Я посмотрел на мертвое тело — в нем теперь было не больше величия, чем в дохлой собаке. И этот хлам я когда-то мысленно сравнивал с Иеговой и Сатаной.
17
Тот факт, что я написал эту историю, довольно убедительно доказывает, что, не в пример доктору Фишеру, у меня так и не нашлось достаточно мужества, чтобы покончить с собой; в ту ночь мне и не нужно было мужества, у меня хватало отчаяния, но, так как следствие показало, что револьвер был заряжен только одним патроном, мое отчаяние мне не помогло бы, даже если бы мсье Стайнер и не завладел оружием. Мужество губит отупляющая повседневность, а каждый прожитый день так обостряет отчаяние, что смерть в конце концов становится бессмысленной. Я чувствовал близость Анны-Луизы, когда держал в руке виски и потом, когда выдергивал зубами язычок хлопушки, но теперь я потерял всякую надежду, что когда-нибудь ее увижу. Вот если бы я верил в бога, я мог бы мечтать, что мы вдвоем когда-нибудь обретем этот jour le plus long. Но при виде мертвого доктора Фишера и моя хилая полувера как-то совсем усохла. Зло было мертво, как собака, и почему, скажите, добро должно обладать большим бессмертием, чем зло? Не было никакого смысла отправляться вслед за Анной-Луизой, если дорога ведет в ничто. Пока я живу, я могу хотя бы ее вспоминать. У меня были две ее любительские фотографии и записочка, написанная ее рукой, где она назначала мне свидание, когда мы еще не жили вместе; было кресло, в котором она сидела, и кухня, где она гремела тарелками, пока мы не купили посудомойку. Все это было как мощи, которые хранятся в католических церквах. Однажды, когда я варил яйцо на ужин, я поймал себя на том, что повторяю слова, сказанные священником на ночной мессе в Сен-Морисе: «Всякий раз, когда вы станете это делать, вы это сделаете в память обо мне». Смерть уже не была выходом — она была несообразностью.
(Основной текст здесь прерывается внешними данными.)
Lemma reached_strict t : (t < #|T|)%N -> ~ setfam_eq (reached t.+1) (reached t).
Proof.
move=> ltT same; have [U cardU] := exists_set_card ltT.
have /same /card_reached := reached_card cardU.
by rewrite cardU ltnn.
Qed.

End FreshSupport.

Lemma reached_total (S_all : forall U u, S U u) t V :
  reached t.+1 V <-> (0 < #|V| <= t.+1)%N.
Proof.
have S_fresh U u : u \notin U -> S U u by move=> _; apply: S_all.
split=> [|/andP [V_gt0 V_le]].
  move=> rV; rewrite (card_reached rV) andbT.
  by case: rV => U [u [_ _ ->]]; apply/card_gt0P; exists u; rewrite setU11.
elim: t V V_gt0 V_le => [|t IHt] V V_gt0 V_le.
  by apply: (reached_card S_fresh); apply/eqP; rewrite eqn_leq V_le.
rewrite leq_eqVlt in V_le; case/orP: V_le => [/eqP /(reached_card S_fresh) //|V_le].
have /card_gt0P [v vV] := V_gt0.
exists V, v; split; [exact: IHt | exact: S_all | by apply/esym/setUidPr; rewrite sub1set].
Qed.

Section Length.
Hypothesis T_gt0 : (0 < #|T|)%N.

Lemma growth_length_total : (forall U u, S U u) -> growth_length #|T|.
Proof.
move=> S_all; split; last by move=> t; apply: reached_strict.
move=> V; rewrite -{2}(prednK T_gt0) !reached_total // prednK // max_card.
by rewrite (leq_trans (max_card _)).
Qed.

Section FreshLength.
Hypotheses (S_fresh : forall U u, u \notin U -> S U u) (S_full : forall u, S setT u).
Hypothesis S_proper : forall U u, S U u -> u \in U -> U = setT.

Lemma reached_fresh t U : (t <= #|T|)%N -> reached t U <-> #|U| = t.
Proof.
move=> le_tT; split; last exact: reached_card.
elim: t U le_tT => [U _ ->|t IHt _ ltT [U [u [rU Su ->]]]]; first exact: cards0.
have cardU : #|U| = t by apply: IHt (ltnW ltT) rU.
have U_proper : U != setT.
  by apply: contraTneq ltT => UT; rewrite -cardU UT cardsT ltnn.
have uU : u \notin U by apply: contra U_proper => /(S_proper Su) ->.
by rewrite cardsU1 uU cardU.
Qed.

Lemma growth_length_fresh : growth_length #|T|.
Proof.
split; last by move=> t; apply: reached_strict.
have full V : reached #|T| V <-> V = setT.
  rewrite reached_fresh //; split=> [cardV|->]; last exact: cardsT.
  by apply/eqP/negPn/negP => /card_ltT; rewrite cardV ltnn.
move=> V; rewrite full; split=> [[U [u [/full UT _ ->]]]|->]; first by rewrite UT setUT.
have /card_gt0P [u _] := T_gt0.
by exists setT, u; split; rewrite ?setUT //; apply/full.
Qed.

End FreshLength.
End Length.
End Growth.

Section Profiles.
Variables (R : realType) (n m : nat).
Implicit Types (s : 'I_n -> 'I_m -> R) (P : payoff R n m) (p q u : position n m).

Definition weight s p : R := \prod_(j < n) s j (p j).

Lemma weight_ge0 s p : (forall j, is_mixed (s j)) -> 0 <= weight s p.
Proof. by move=> s_mixed; apply: prodr_ge0 => j _; case: (s_mixed j). Qed.

Lemma sum_weight s : (forall j, is_mixed (s j)) -> \sum_p weight s p = 1.
Proof.
move=> s_mixed; rewrite /weight -(bigA_distr_bigA (fun j a => s j a)).
by rewrite big1 // => j _; case: (s_mixed j).
Qed.

Lemma deviate_mixed s i t : (forall j, is_mixed (s j)) -> is_mixed t ->
  forall j, is_mixed (deviate s i t j).
Proof. by move=> s_mixed t_mixed j; rewrite /deviate; case: eqP. Qed.

Definition pure q : 'I_n -> 'I_m -> R := fun j a => if a == q j then 1 else 0.

Lemma pure_mixed q j : is_mixed (pure q j).
Proof.
split=> [a|]; first by rewrite /pure; case: eqP.
by rewrite (bigD1 (q j)) //= /pure eqxx big1 ?addr0 // => a /negbTE ->.
Qed.

Lemma weight_pure q p : weight (pure q) p = if p == q then 1 else 0.
Proof.
case: eqP => [->|/eqP pq]; first by rewrite /weight big1 // => j _; rewrite /pure eqxx.
have [j pj] : exists j, p j != q j.
  by apply/existsP; apply: contraR pq => /existsPn agree; apply/eqP/ffunP => j; apply/eqP/negPn.
by rewrite /weight (bigD1 j) //= /pure (negbTE pj) mul0r.
Qed.

Lemma exp_payoff_pure P q i : exp_payoff P (pure q) i = P q i.
Proof.
rewrite /exp_payoff (bigD1 q) //= -/(weight _ q) weight_pure eqxx mul1r big1 ?addr0 //.
by move=> p /negbTE pq; rewrite -/(weight _ p) weight_pure pq mul0r.
Qed.

(* A mixed deviation of player [k] only weighs positions agreeing with [q] off [k]. *)
Lemma pure_NE P q :
  (forall k p, (forall j, j != k -> p j = q j) -> P p k <= P q k) -> is_NE P (pure q).
Proof.
move=> no_gain; split=> [|k t t_mixed]; first exact: pure_mixed.
have d_mixed := deviate_mixed k (pure_mixed q) t_mixed.
rewrite exp_payoff_pure -[P q k]mul1r -(sum_weight d_mixed) mulr_suml.
apply: ler_sum => p _; rewrite -/(weight _ p).
case: (pickP [pred j | (j != k) && (p j != q j)]) => [j /andP [jk pj]|agree].
  by rewrite /weight (bigD1 j) //= /deviate (negbTE jk) /pure (negbTE pj) !mul0r.
apply: ler_wpM2l; first exact: weight_ge0.
by apply: no_gain => j jk; apply/eqP; move: (agree j) => /=; rewrite jk => /negbFE.
Qed.

Lemma exp_payoff_le_miss P s i u : (forall j, is_mixed (s j)) ->
  (forall p, P p i <= 1) -> P u i = 0 -> exp_payoff P s i <= 1 - weight s u.
Proof.
move=> s_mixed P_le1 Pu0; rewrite -(sum_weight s_mixed) (bigD1 u) //= addrAC subrr add0r.
rewrite /exp_payoff (bigD1 u) //= Pu0 mulr0 add0r.
apply: ler_sum => p _; rewrite -[X in _ <= X]mulr1.
by apply: ler_wpM2l; [exact: weight_ge0 | exact: P_le1].
Qed.

End Profiles.
Arguments pure {R n m} q _ _.

Section Patched.
Variables (R : realType) (n m : nat).
Implicit Types (g : mgame R n m) (u : position n m) (U : {set position n m}).
(* Let $S^{\circ}_{n'}=\langle s_{1'},s_2,\dots,s_{n-1}\rangle\le D_n$ and $\pi\in S^{\circ}_{n'}$. Let $\Phi(\pi)=\pi'^{(1)}\cdots\pi'^{(z)}$ be the standard OGS elementary factorization of $\Phi(\pi)\in S_n$, with $\pi'^{(v)}=\prod_{j=1}^{m^{(v)}}t_{h^{(v)}_j}^{\imath^{(v)}_j}$. For each $v$ let $\tau_v\in D_n$ be the element $\prod_{j=1}^{m^{(v)}}t_{h^{(v)}_j}^{\imath^{(v)}_j}$ computed in $D_n$. Then $\pi=\pi_1\cdot\pi_2\cdots\pi_z$, where $\pi_v=\tau_v$ if $\operatorname{maj}(\pi'^{(v)})=h^{(v)}_1$, and $\pi_v=w_{\operatorname{maj}(\pi'^{(v)})}\cdot\tau_v$ if $\operatorname{maj}(\pi'^{(v)})<h^{(v)}_1$.
   Context: $D_n$ ($n\ge2$) is the Coxeter group with generators $s_{1'},s_1,\dots,s_{n-1}$ and relations $s^2=1$, $(s_i s_{i+1})^3=1$, $(s_is_j)^2=1$ for $|i-j|\ge 2$, $(s_{1'}s_2)^3=1$, $(s_{1'}s_i)^2=1$ for $i\ne 2$. In $D_n$ (and in $S_n$): $t_k=s_1\cdots s_{k-1}$; in $D_n$: $w_k=s_k s_{k-1}\cdots s_2 s_1 s_{1'} s_2\cdots s_k$ ($1\le k\le n-1$). $\Phi:D_n\to S_n$ is the homomorphism $s_{1'}\mapsto s_1$, $s_i\mapsto s_i$ ($S_n$ generated by $s_i=(i,i+1)$). Every $\sigma\in S_n$ has a unique standard OGS canonical form $t_2^{i_2}\cdots t_n^{i_n}$ ($0\le i_k<k$); writing only nonzero factors $\sigma=t_{k_1}^{i_{k_1}}\cdots t_{k_m}^{i_{k_m}}$, $\operatorname{maj}(\sigma)=\sum_j i_{k_j}$, and $\sigma$ is a standard OGS elementary element if $\sum_j i_{k_j}\le k_1$. The standard OGS elementary factorization of $\sigma$: $\sigma=\prod_{v=1}^{z}\sigma^{(v)}$ with $\sigma^{(v)}=\prod_{j=1}^{m^{(v)}}t_{h^{(v)}_j}^{\imath^{(v)}_j}$ in standard OGS canonical form, all $\imath^{(v)}_j>0$, $\operatorname{maj}(\sigma^{(1)})\le h^{(1)}_1$, and $h^{(v-1)}_{m^{(v-1)}}\le\operatorname{maj}(\sigma^{(v)})\le h^{(v)}_1$ for $2\le v\le z$, where $z$ is the minimal number for which such a presentation exists (it is unique). *)

From mathcomp Require Import all_boot all_fingroup.
Set Implicit Arguments. Unset Strict Implicit. Unset Printing Implicit Defensive.

(* ---------- Generators of D_n, encoded as naturals ----------
   letter 0      stands for s_{1'}
   letter k >= 1 stands for s_k   (1 <= k <= n-1)
   A word is a seq nat; it is evaluated in a group gT via g : nat -> gT. *)

Definition evalW (gT : finGroupType) (g : nat -> gT) (w : seq nat) : gT :=
  (\prod_(x <- w) g x)%g.

Definition Dn_rels (n : nat) (gT : finGroupType) (g : nat -> gT) : Prop :=
  [/\ (g 0 ^+ 2 = 1)%g,
      forall i, 1 <= i <= n.-1 -> (g i ^+ 2 = 1)%g,
      forall i, 1 <= i -> i.+1 <= n.-1 -> ((g i * g i.+1) ^+ 3 = 1)%g,
      forall i j, 1 <= i <= n.-1 -> 1 <= j <= n.-1 -> i.+2 <= j ->
                  ((g i * g j) ^+ 2 = 1)%g &
      (2 <= n.-1 -> ((g 0 * g 2) ^+ 3 = 1)%g) /\
      (forall i, 1 <= i <= n.-1 -> i != 2 -> ((g 0 * g i) ^+ 2 = 1)%g)].
Lemma model_Tsys : reduced_Tsys r modelX modelZ modelW.
Proof.
have parity t : (2 %| t - 1)%Z = ~~ (2 %| t)%Z by lia.
have sumX t : modelX r t + modelX r.-1 t
              = zi * wi * det2 g (V (t - r%:Z - 1)) * det2 g (V (t - r%:Z)).
  by rewrite -{1 2}(subrK r%:Z t) modelX_top modelX_below det2_twist_sum.
have shift1 t : t - 1 - r%:Z = t - r%:Z - 1 by ring.
split=> [t | a t /andP[a_gt0 _] | t | t | t].
- by rewrite -(V_unimodular (t - 1)) /modelX; congr (det2 (V _) (V _)); lia.
- exact: modelX_frieze.
- by rewrite sumX /modelZ shift1 parity; case: (2 %| t - r%:Z)%Z => /=; ring.
- by rewrite sumX /modelW shift1 parity; case: (2 %| t - r%:Z)%Z => /=; ring.
- rewrite -(subrK r%:Z t) (_ : _ + 1 = t - r%:Z + 1 + r%:Z); last by ring.
  move: (t - r%:Z) => m; rewrite !modelX_top !modelX_below addrK.
  rewrite (_ : (2 %| m + 1)%Z = ~~ (2 %| m)%Z) ?negbK; last by lia.
  apply/eqP; rewrite -subr_eq det2_twist_exchange.
  rewrite (_ : m + 1 = m - 1 + 2) ?V_unimodular ?mulr1 /modelZ /modelW ?addrK; last by ring.
  by case: (2 %| m)%Z; apply/eqP; ring.
Qed.

Lemma model_shift t :
  [/\ forall a, modelX a (t + p) = modelX a t,
      modelZ (t + p) = modelW t & modelW (t + p) = modelZ t].
Proof.
have shift_r : t + p - r%:Z = t - r%:Z + p by ring.
have parity_p : (2 %| t - r%:Z + p)%Z = ~~ (2 %| t - r%:Z)%Z by lia.
split=> [a||]; [| by rewrite /modelZ /modelW shift_r V_shift det2_twist_l parity_p;
                   case: (2 %| t - r%:Z)%Z ..].
rewrite /modelX (_ : t + p - _ - 1 = t - a%:Z - 1 + p); last by ring.
rewrite (_ : t + p + _ + 1 = t + a%:Z + 1 + p); last by ring.
rewrite !V_shift (_ : (2 %| t + a%:Z + 1)%Z = (2 %| t - a%:Z - 1)%Z); last by lia.
exact: det2_twist.
Qed.

End TwistedModel.

Section Construction.
Variables (R : comPzRingType) (r : nat) (X : nat -> int -> R) (Z W : int -> R).
Hypotheses (r_gt0 : (0 < r)%N) (sys : reduced_Tsys r X Z W) (inv : reduced_invertible r X Z W).
Variables zi wi : R.
Hypotheses (Zzi : Z r%:Z * zi = 1) (Wwi : W r%:Z * wi = 1).
Local Notation p := (2 * r + 1)%N%:Z.

Definition vidx (n : int) : int := (n %/ 2)%Z + (if (2 %| n)%Z then 0 else r.+1%:Z).

Lemma vidx_add2 n : vidx (n + 2) = vidx n + 1.
Proof. by rewrite /vidx; do !case: ifP => ?; lia. Qed.

Lemma vidx_addp n : vidx (n + p) = vidx n + (if (2 %| n)%Z then p else 0).
Proof. by rewrite /vidx; do !case: ifP => ?; lia. Qed.

Lemma vidx_range n : -1 <= n <= (2 * r + 2)%N%:Z -> 0 <= vidx n <= p.
Proof. by rewrite /vidx; case: ifP => ?; lia. Qed.

(* X_1 at the t in [1, 2r] with vidx t = j. *)
Definition coef (j : nat) : R := X 1 (if (j <= r)%N then (2 * j)%N%:Z else (2 * j)%N%:Z - p).

Lemma coef_vidx t : 1 <= t <= (2 * r)%N%:Z -> coef (absz (vidx t)) = X 1 t.
Proof.
move=> ht; rewrite /coef /vidx; congr (X 1 _).
by case: (boolP (2 %| t)%Z) => ?; case: ifP => ?; lia.
Qed.

Local Notation u := (contv coef).
Definition V0 (n : int) : R * R := u (absz (vidx n)).

Lemma V0_unimodular n : -1 <= n <= (2 * r)%N%:Z -> det2 (V0 n) (V0 (n + 2)) = 1.
Proof.
move=> hn; have hs : 0 <= vidx n <= p by apply: vidx_range; lia.
by rewrite /V0 vidx_add2 (_ : absz (vidx n + 1) = (absz (vidx n)).+1) ?det2_contv //; lia.
Qed.

Lemma V0_X1 t : 1 <= t <= (2 * r)%N%:Z -> det2 (V0 (t - 2)) (V0 (t + 2)) = X 1 t.
Proof.
move=> ht; have hs : 0 <= vidx (t - 2) <= p by apply: vidx_range; lia.
have e1 := vidx_add2 (t - 2); rewrite subrK in e1.
rewrite /V0 vidx_add2 -coef_vidx // e1.
rewrite (_ : absz (vidx (t - 2) + 1 + 1) = (absz (vidx (t - 2))).+2); last by lia.
by rewrite det2_contv2; congr (coef _); lia.
Qed.
Lemma sub_le_antisym a b : sub_le a b -> sub_le b a -> a = b.
Proof.
  destruct a as [a Ha], b as [b Hb]; unfold sub_le; simpl; intros Hab Hba.
  assert (a = b) as <- by (apply le_antisym; assumption).
  f_equal; apply proof_irrelevance.
Qed.

Definition subPO : PO :=
  MkPO sub_le (fun a => le_refl Z _) sub_le_antisym (fun a b c => le_trans Z _ _ _).

Definition sub_incl : qemb subPO Z := MkQemb subPO Z (@proj1_sig _ _) (fun a b h => h).

Lemma sub_incl_emb : is_embedding sub_incl.
Proof. intros a b; reflexivity. Qed.
End SubPO.
Arguments subPO {Z} P.
Arguments sub_incl {Z} P.
Arguments sub_incl_emb {Z} P.

Lemma least_nat (P : nat -> Prop) :
  (exists n, P n) -> exists n, P n /\ forall m, P m -> n <= m.
Proof.
  intro H.
  destruct (dec_inh_nat_subset_has_unique_least_element P (fun n => classic (P n)) H)
    as (n & Hn & _).
  exists n; exact Hn.
Qed.

Lemma increasing_lt (sel : nat -> nat) :
  (forall p, sel p < sel (S p)) -> forall p q, p < q -> sel p < sel q.
Proof.
  intros Hsel p q Hpq. induction Hpq as [|q _ IH]; [apply Hsel|].
  specialize (Hsel q); lia.
Qed.

Lemma chain_selection (Q : nat -> nat -> Prop) a0 :
  (forall a, exists b, a < b /\ Q a b) ->
  exists sel : nat -> nat, sel 0 = a0 /\ forall p, sel p < sel (S p) /\ Q (sel p) (sel (S p)).
Proof.
  intro H. destruct (choice _ H) as [next Hnext].
  exists (fix sel p := match p with 0 => a0 | S p => next (sel p) end).
  split; [reflexivity | intro p; apply Hnext].
Qed.

Lemma pigeonhole_seq {A : Type} (L : list A) (u : nat -> A) :
  (forall l, In (u l) L) -> exists i j, i < j /\ u i = u j.
Proof.
  revert u; induction L as [|a L IH]; intros u Hu; [destruct (Hu 0)|].
  destruct (classic (exists i j, i < j /\ u i = a /\ u j = a)) as [(i & j & Hij & Hi & Hj)|Hno].
  - exists i, j; split; congruence.
  - destruct (classic (exists i, u i = a)) as [[i Hi]|Hnone].
    + destruct (IH (fun l => u (S i + l))) as (p & q & Hpq & E).
      { intro l. destruct (Hu (S i + l)) as [E|E]; [|exact E].
        exfalso; apply Hno; exists i, (S i + l); repeat split; auto; lia. }
      exists (S i + p), (S i + q); split; [lia | exact E].
    + apply IH. intro l. destruct (Hu l) as [E|E]; [exfalso; eauto | exact E].
Qed.

(** * Minimal bad sequences *)

Definition bad {A : Type} (R : A -> A -> Prop) (f : nat -> A) : Prop :=
  forall i j, i < j -> ~ R (f i) (f j).

Lemma WPO_no_bad (X : PO) : (forall f, ~ bad (@le X) f) -> is_WPO X.
Proof.
  intros H f. apply NNPP; intro Hn. apply (H f).
  intros i j Hij Hle; apply Hn; eauto.
Qed.

Section MinimalBad.
Variables (A : Type) (R : A -> A -> Prop) (h : A -> nat).

Definition agree_below (f g : nat -> A) n := forall i, i < n -> g i = f i.

Definition minimal_bad (m : nat -> A) : Prop :=
  bad R m /\ forall n g, agree_below m g n -> h (g n) < h (m n) -> ~ bad R g.

Definition least_extension (f : nat -> A) n (g : nat -> A) : Prop :=
  bad R g /\ agree_below f g n /\
  forall g', bad R g' -> agree_below f g' n -> h (g n) <= h (g' n).

Lemma least_extension_ex f n : bad R f -> exists g, least_extension f n g.
Proof.
  intro Hf.
  destruct (least_nat (fun k => exists g, (bad R g /\ agree_below f g n) /\ h (g n) = k))
    as (k & (g & [Hg Hgf] & <-) & Hmin).
  { exists (h (f n)), f; split; [split; [exact Hf | intros i _; reflexivity] | reflexivity]. }
  exists g; repeat split; [exact Hg | exact Hgf |].
  intros g' Hg' Hg'f. apply Hmin; eauto.
Qed.

Variables (f0 : nat -> A) (f0_bad : bad R f0).

Fixpoint approx (n : nat) : nat -> A :=
  let prev := match n with 0 => f0 | S k => approx k end in
  epsilon (inhabits f0) (least_extension prev n).

Lemma approx_spec n :
  least_extension (match n with 0 => f0 | S k => approx k end) n (approx n).
Proof.
  induction n as [|n IH]; simpl; apply epsilon_spec, least_extension_ex;
    [exact f0_bad | apply IH].
Qed.

Definition limit_seq n := approx n n.

Lemma approx_stable d n i : i <= n -> approx (d + n) i = approx n i.
Proof.
  intro Hi. induction d as [|d IH]; [reflexivity|].
  destruct (approx_spec (S d + n)) as (_ & Hagree & _).
  simpl plus in *. rewrite Hagree by lia. exact IH.
Qed.

Lemma approx_limit n i : i <= n -> approx n i = limit_seq i.
Proof.
  intro Hi. replace n with ((n - i) + i) by lia. apply approx_stable; lia.
Qed.

Lemma limit_seq_minimal_bad : minimal_bad limit_seq.
Proof.
  split.
  - intros i j Hij. rewrite <- (approx_limit j i (Nat.lt_le_incl _ _ Hij)).
    apply (approx_spec j); exact Hij.
  - intros n g Hg Hh Hbad. destruct (approx_spec n) as (_ & _ & Hleast).
    enough (h (approx n n) <= h (g n)) by (unfold limit_seq in Hh; lia).
    apply Hleast; [exact Hbad|]. intros i Hi. rewrite Hg by exact Hi.
    destruct n as [|n]; [lia|]. symmetry; apply approx_limit; lia.
Qed.
End MinimalBad.
Arguments minimal_bad {A} R h m.
Arguments agree_below {A} f g n.

Lemma minimal_bad_ex {A : Type} (R : A -> A -> Prop) (h : A -> nat) :
  (exists f, bad R f) -> exists m, minimal_bad R h m.
Proof. intros [f Hf]. exists (limit_seq A R h f). apply limit_seq_minimal_bad, Hf. Qed.

Section DilatorFacts.
Context {W : PreDilator} (HW : is_PO_dilator W).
Иногда я пью кофе с мсье Стайнером — он не пьет спиртного. Он рассказывает о матери Анны-Луизы, и я его не прерываю. Я даю ему выговориться, а сам думаю об Анне-Луизе. Враг наш мертв, и ненависть наша умерла вместе с ним, оставив нас с нашими столь разными воспоминаниями о любви. Жабы все еще живут в Женеве, и я стараюсь как можно реже бывать в этом городе. Однажды возле вокзала я встретил Бельмона, но мы не заговорили. Я много раз встречал и мистера Кипса, но он меня не видит, уставясь взглядом в тротуар, а единственный раз, когда я столкнулся с Дином, он был слишком пьян чтобы меня заметить. Только миссис Монтгомери раз подвернулась мне в Женеве и весело окликнула меня из двери ювелирного магазина: «Не может быть, да это ж вы, мистер Смит!» — но я сделал вид, что не слышу, и поспешил дальше, на свидание с покупателем из Аргентины.